‘An Arm and a Leg’: One ER doctor grapples with the inequities of American health care

Dr. Thomas Fisher, an emergency room physician at a hospital on Chicago’s South Side, has written “The Emergency,” an up-close chronicle of the covid-19 pandemic's first year. It also tells the story of his journey as a doctor: how his upbringing on the South Side fueled his career choice, and how the realities and inequities of American health care limited his ability to help his community.

Fisher details how the failures of the American health care system — and the racial inequities it perpetuates — leave health care workers with a profound sense of moral injury.

"Over time, when you have this conflict between what you can do and what you're supposed to do — what you wish you could do, what you're trained to do — that creates a moral conundrum,” Fisher tells host Dan Weissmann in this episode of “An Arm and a Leg.” “It also leads a lot of people to leave the profession."


"An Arm and a Leg" is a co-production of KHN and Public Road Productions.

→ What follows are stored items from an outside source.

(* An open relation is a countable union of products of balls centred on a grid. *)
Lemma sigma_gen_open2 X Y S :
  measurable_wrt G X -> measurable_wrt G Y -> open2 S ->
  sigma_gen G (fun w => S (X w) (Y w)).
Proof.
  intros HX HY HS.
  set (t := fun k : nat => / (INR k + 1)).
  set (q := fun k i j : nat => (INR i - INR j) * t k).
  apply sg_ext with (fun w => exists k i1 j1 i2 j2 : nat,
    (forall x' y', Rabs (x' - q k i1 j1) < 2 * t k ->
                   Rabs (y' - q k i2 j2) < 2 * t k -> S x' y')
    /\ Rabs (X w - q k i1 j1) < 2 * t k /\ Rabs (Y w - q k i2 j2) < 2 * t k).
  - do 5 (apply (sg_union G); intro).
    apply sigma_gen_and; [apply sigma_gen_const|].
    apply sigma_gen_and; [exact (HX _ (Borel_ball _ _)) | exact (HY _ (Borel_ball _ _))].
  - intros w; split.
    + intros [k [i1 [j1 [i2 [j2 [H1 [H2 H3]]]]]]]. auto.
    + intros Hw. destruct (HS _ _ Hw) as [r [Hr Hb]].
      destruct (exists_inv_INR_S_lt (r / 4)) as [k Hk]; [lra|].
      assert (Htk : 0 < t k) by apply inv_INR_S_pos.
      destruct (grid_approx (X w) (t k) Htk) as [i1 [j1 H1]].
      destruct (grid_approx (Y w) (t k) Htk) as [i2 [j2 H2]].
      exists k, i1, j1, i2, j2. fold (t k) in Hk. split; [|split; auto].
      intros x' y' Hx Hy. apply Rabs_def2 in H1, H2, Hx, Hy.
      apply Hb; apply Rabs_def1; unfold q in *; lra.
Qed.

Lemma open2_plus_lt a : open2 (fun x y => x + y < a).
Proof.
  intros x y H. exists ((a - x - y) / 2). split; [lra|].
  intros x' y' Hx Hy. apply Rabs_def2 in Hx, Hy. lra.
Qed.

Lemma open2_mult_lt a : open2 (fun x y => x * y < a).
Proof.
  intros x y H. set (d := a - x * y). set (M := Rabs x + Rabs y + 1).
  assert (Hd : 0 < d) by (unfold d; lra).
  assert (HM : 0 < M) by (unfold M; pose proof (Rabs_pos x); pose proof (Rabs_pos y); lra).
  assert (HdM : 0 < d / (2 * M)) by (apply Rdiv_lt_0_compat; lra).
  exists (Rmin 1 (d / (2 * M))). split; [apply Rmin_glb_lt; lra|].
  intros x' y' Hx Hy. set (r := Rmin 1 (d / (2 * M))) in *.
  assert (Hr1 : r <= 1) by apply Rmin_l.
  assert (Hr2 : r <= d / (2 * M)) by apply Rmin_r.
  set (dx := x' - x) in *. set (dy := y' - y) in *.
  assert (h1 : x * dy <= Rabs x * r).
  { eapply Rle_trans; [apply Rle_abs|]. rewrite Rabs_mult.
    apply Rmult_le_compat_l; [apply Rabs_pos | lra]. }
  assert (h2 : y * dx <= Rabs y * r).
  { eapply Rle_trans; [apply Rle_abs|]. rewrite Rabs_mult.
    apply Rmult_le_compat_l; [apply Rabs_pos | lra]. }
  assert (h3 : dx * dy <= 1 * r).
  { eapply Rle_trans; [apply Rle_abs|]. rewrite Rabs_mult.
    apply Rmult_le_compat; try apply Rabs_pos; lra. }
  assert (h4 : M * r <= d / 2).
  { replace (d / 2) with (M * (d / (2 * M))) by (field; lra).
    apply Rmult_le_compat_l; lra. }
  replace (x' * y') with (x * y + x * dy + y * dx + dx * dy) by (unfold dx, dy; ring).
  unfold M, d in *. lra.
Qed.

Lemma measurable_wrt_plus X Y :
  measurable_wrt G X -> measurable_wrt G Y -> measurable_wrt G (fun w => X w + Y w).
Proof.
  intros HX HY. apply measurable_wrt_of_lt. intros a.
  apply (sigma_gen_open2 X Y (fun x y => x + y < a)); auto using open2_plus_lt.
Qed.

Lemma measurable_wrt_mult X Y :
  measurable_wrt G X -> measurable_wrt G Y -> measurable_wrt G (fun w => X w * Y w).
Proof.
  intros HX HY. apply measurable_wrt_of_lt. intros a.
  apply (sigma_gen_open2 X Y (fun x y => x * y < a)); auto using open2_mult_lt.
Qed.

Lemma measurable_wrt_minus X Y :
  measurable_wrt G X -> measurable_wrt G Y -> measurable_wrt G (fun w => X w - Y w).
Proof.
  intros HX HY. apply measurable_wrt_ext with (fun w => X w + (-1) * Y w).
  - apply measurable_wrt_plus, measurable_wrt_mult; auto using measurable_wrt_const.
  - intros; ring.
Qed.

Lemma measurable_wrt_Rsum_list (l : list nat) (g : nat -> T -> R) :
  (forall a, In a l -> measurable_wrt G (g a)) ->
  measurable_wrt G (fun om => Rsum_list l (fun a => g a om)).
Proof.
  induction l as [|a l IH]; intros H; simpl.
  - apply measurable_wrt_const.
  - apply measurable_wrt_plus; [apply H; simpl; auto|].
    apply IH. intros; apply H; simpl; auto.
Qed.

Lemma Rmin_1_Rmax_0_le t a :
  Rmin 1 (Rmax t 0) <= a <-> 1 <= a \/ (0 <= a /\ t <= a).
Proof. unfold Rmin, Rmax. repeat destruct Rle_dec; lra. Qed.

(* Clearing the denominators makes the sublevel sets polynomial in (D, X). *)
Lemma g_lam_div_le lam D X a : 0 < lam -> 0 < X ->
  (g_lam lam (D / X) <= a <-> 1 <= a \/ (0 <= a /\ 0 <= D + a * lam * X)).
Proof.
  intros Hl HX. unfold g_lam. rewrite Rmin_1_Rmax_0_le.
  assert (HXl : 0 < X * lam) by (apply Rmult_lt_0_compat; lra).
  assert (Ht : - (D / X) / lam * (X * lam) = - D) by (field; lra).
  assert (- (D / X) / lam <= a <-> 0 <= D + a * lam * X); [|tauto].
  split; intro H.
  - apply (Rmult_le_compat_r (X * lam)) in H; lra.
  - apply (Rmult_le_reg_r (X * lam)); lra.
Qed.

Lemma measurable_wrt_g_lam_div (Dl X : T -> R) lam :
  0 < lam -> measurable_wrt G Dl -> measurable_wrt G X -> (forall w, 0 <= X w) ->
  measurable_wrt G (fun om => if Req_EM_T (X om) 0 then 0 else g_lam lam (Dl om / X om)).
Proof.
  intros Hl HD HX Hpos. apply measurable_wrt_of_le. intros a.
  apply sg_ext with (fun w => (X w = 0 /\ 0 <= a) \/
     (~ X w = 0 /\ (1 <= a \/ (0 <= a /\ 0 <= Dl w + (a * lam) * X w)))).
  - pose proof (HX _ (Borel_eq 0)) as HX0.
    apply sigma_gen_or; apply sigma_gen_and; auto using sg_compl, sigma_gen_const.
    apply sigma_gen_or, sigma_gen_and; try apply sigma_gen_const.
    apply (measurable_wrt_plus Dl (fun w => (a * lam) * X w)), Borel_ge; auto.
    apply measurable_wrt_mult; auto using measurable_wrt_const.
  - intros w. destruct (Req_EM_T (X w) 0) as [h|h]; [tauto|].
    rewrite g_lam_div_le by (specialize (Hpos w); lra). tauto.
Qed.

End MeasurableFunctions.

Section Cascade.

Context {Omega : Type}.
Variables (N : nat) (E : nat -> nat -> bool) (D0 : nat -> Omega -> R)
  (Om : nat -> nat -> Omega -> R) (lam : R).
Hypothesis HOm : forall w v om, E w v = true -> 0 <= Om w v om.
Hypothesis Hlam : 0 < lam.

Lemma measurable_var (A : item -> Prop) i :
  A i -> measurable_wrt (sigmaA D0 Om A) (var D0 Om i).
Proof.
  intros Hi B HB. apply sg_base. exists i; split; auto. exists B; split; auto. tauto.
Qed.

Lemma measurable_sigmaA_mono (A A' : item -> Prop) Z :
  (forall i, A i -> A' i) ->
  measurable_wrt (sigmaA D0 Om A) Z -> measurable_wrt (sigmaA D0 Om A') Z.
Proof.
  intros H. apply measurable_wrt_mono. intros S [i [Hi HB]]. exists i; auto.
Qed.

Lemma Xbar_nonneg z om : 0 <= Xbar N E Om z om.
Proof.
  unfold Xbar, Rsum_list. induction (seq 0 N) as [|u l IH]; simpl; [lra|].
  assert (0 <= Ind E z u * Om z u om); [|lra].
  unfold Ind. destruct (E z u) eqn:Hzu; [specialize (HOm z u om Hzu)|]; lra.
Qed.

Lemma measurable_Xbar A z :
  (forall u, E z u = true -> A (EdgeI z u)) ->
  measurable_wrt (sigmaA D0 Om A) (Xbar N E Om z).
Proof.
  intros H. apply measurable_wrt_Rsum_list. intros u _. unfold Ind.
  destruct (E z u) eqn:Hz.
  - apply measurable_wrt_mult; [apply measurable_wrt_const|].
    exact (measurable_var A (EdgeI z u) (H u Hz)).
  - apply measurable_wrt_ext with (fun _ => 0); [apply measurable_wrt_const | intros; ring].
Qed.

Lemma measurable_Dfun A Delta z :
  (forall u, E z u = true -> A (EdgeI z u)) ->
  measurable_wrt (sigmaA D0 Om A) (Delta z) ->
  measurable_wrt (sigmaA D0 Om A) (Dfun N E Om lam Delta z).
Proof.
  intros H HD. apply measurable_wrt_g_lam_div; auto using measurable_Xbar, Xbar_nonneg.
Qed.

Lemma measurable_Sfun A Delta v :
  (forall w, E w v = true -> A (EdgeI w v) /\
     measurable_wrt (sigmaA D0 Om A) (Dfun N E Om lam Delta w)) ->
  measurable_wrt (sigmaA D0 Om A) (Sfun N E Om lam Delta v).
Proof.
  intros H. apply measurable_wrt_Rsum_list. intros w _. unfold Ind.
  destruct (E w v) eqn:Hw.
  - destruct (H w Hw) as [H1 H2].
    apply measurable_wrt_mult; auto.
    apply measurable_wrt_mult; [apply measurable_wrt_const|].
    exact (measurable_var A (EdgeI w v) H1).
  - apply measurable_wrt_ext with (fun _ => 0); [apply measurable_wrt_const | intros; ring].
Qed.

Section PredecessorClosed.

Variables (A : item -> Prop) (K : nat -> Prop).
Hypothesis K_nodes : forall y, K y -> A (NodeI y).
Hypothesis K_out_edges : forall z u, K z -> E z u = true -> A (EdgeI z u).
Hypothesis K_pred_closed : forall y z, K y -> E z y = true -> K z.

Lemma measurable_cascade_closed n y :
  K y -> measurable_wrt (sigmaA D0 Om A) (cascade N E D0 Om lam n y).
Proof.
  revert y. induction n as [|n IH]; intros y Ky.
  - exact (measurable_var A (NodeI y) (K_nodes y Ky)).
  - apply measurable_wrt_minus; [exact (measurable_var A (NodeI y) (K_nodes y Ky))|].
    apply measurable_Sfun. intros w Hw.
    split; [eauto|].
    apply measurable_Dfun; eauto.
Qed.

Lemma measurable_Dn_closed n y :
  K y -> measurable_wrt (sigmaA D0 Om A) (Dn N E D0 Om lam n y).
Proof. intros Ky. apply measurable_Dfun; eauto using measurable_cascade_closed. Qed.

End PredecessorClosed.

Lemma reach_snoc Rl x y z : reach Rl x y -> Rl y z -> reach Rl x z.
Proof.
  induction 1; intros Hr.
  - apply reach_step with z; [auto | apply reach_refl].
  - apply reach_step with y; auto.
Qed.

To keep in touch with "An Arm and a Leg," subscribe to the newsletter. You can also follow the show on Facebook and Twitter. And if you've got stories to tell about the health care system, the producers would love to hear from you.

This article was reprinted from khn.org with permission from the Henry J. Kaiser Family Foundation. Kaiser Health News, an editorially independent news service, is a program of the Kaiser Family Foundation, a nonpartisan health care policy research organization unaffiliated with Kaiser Permanente.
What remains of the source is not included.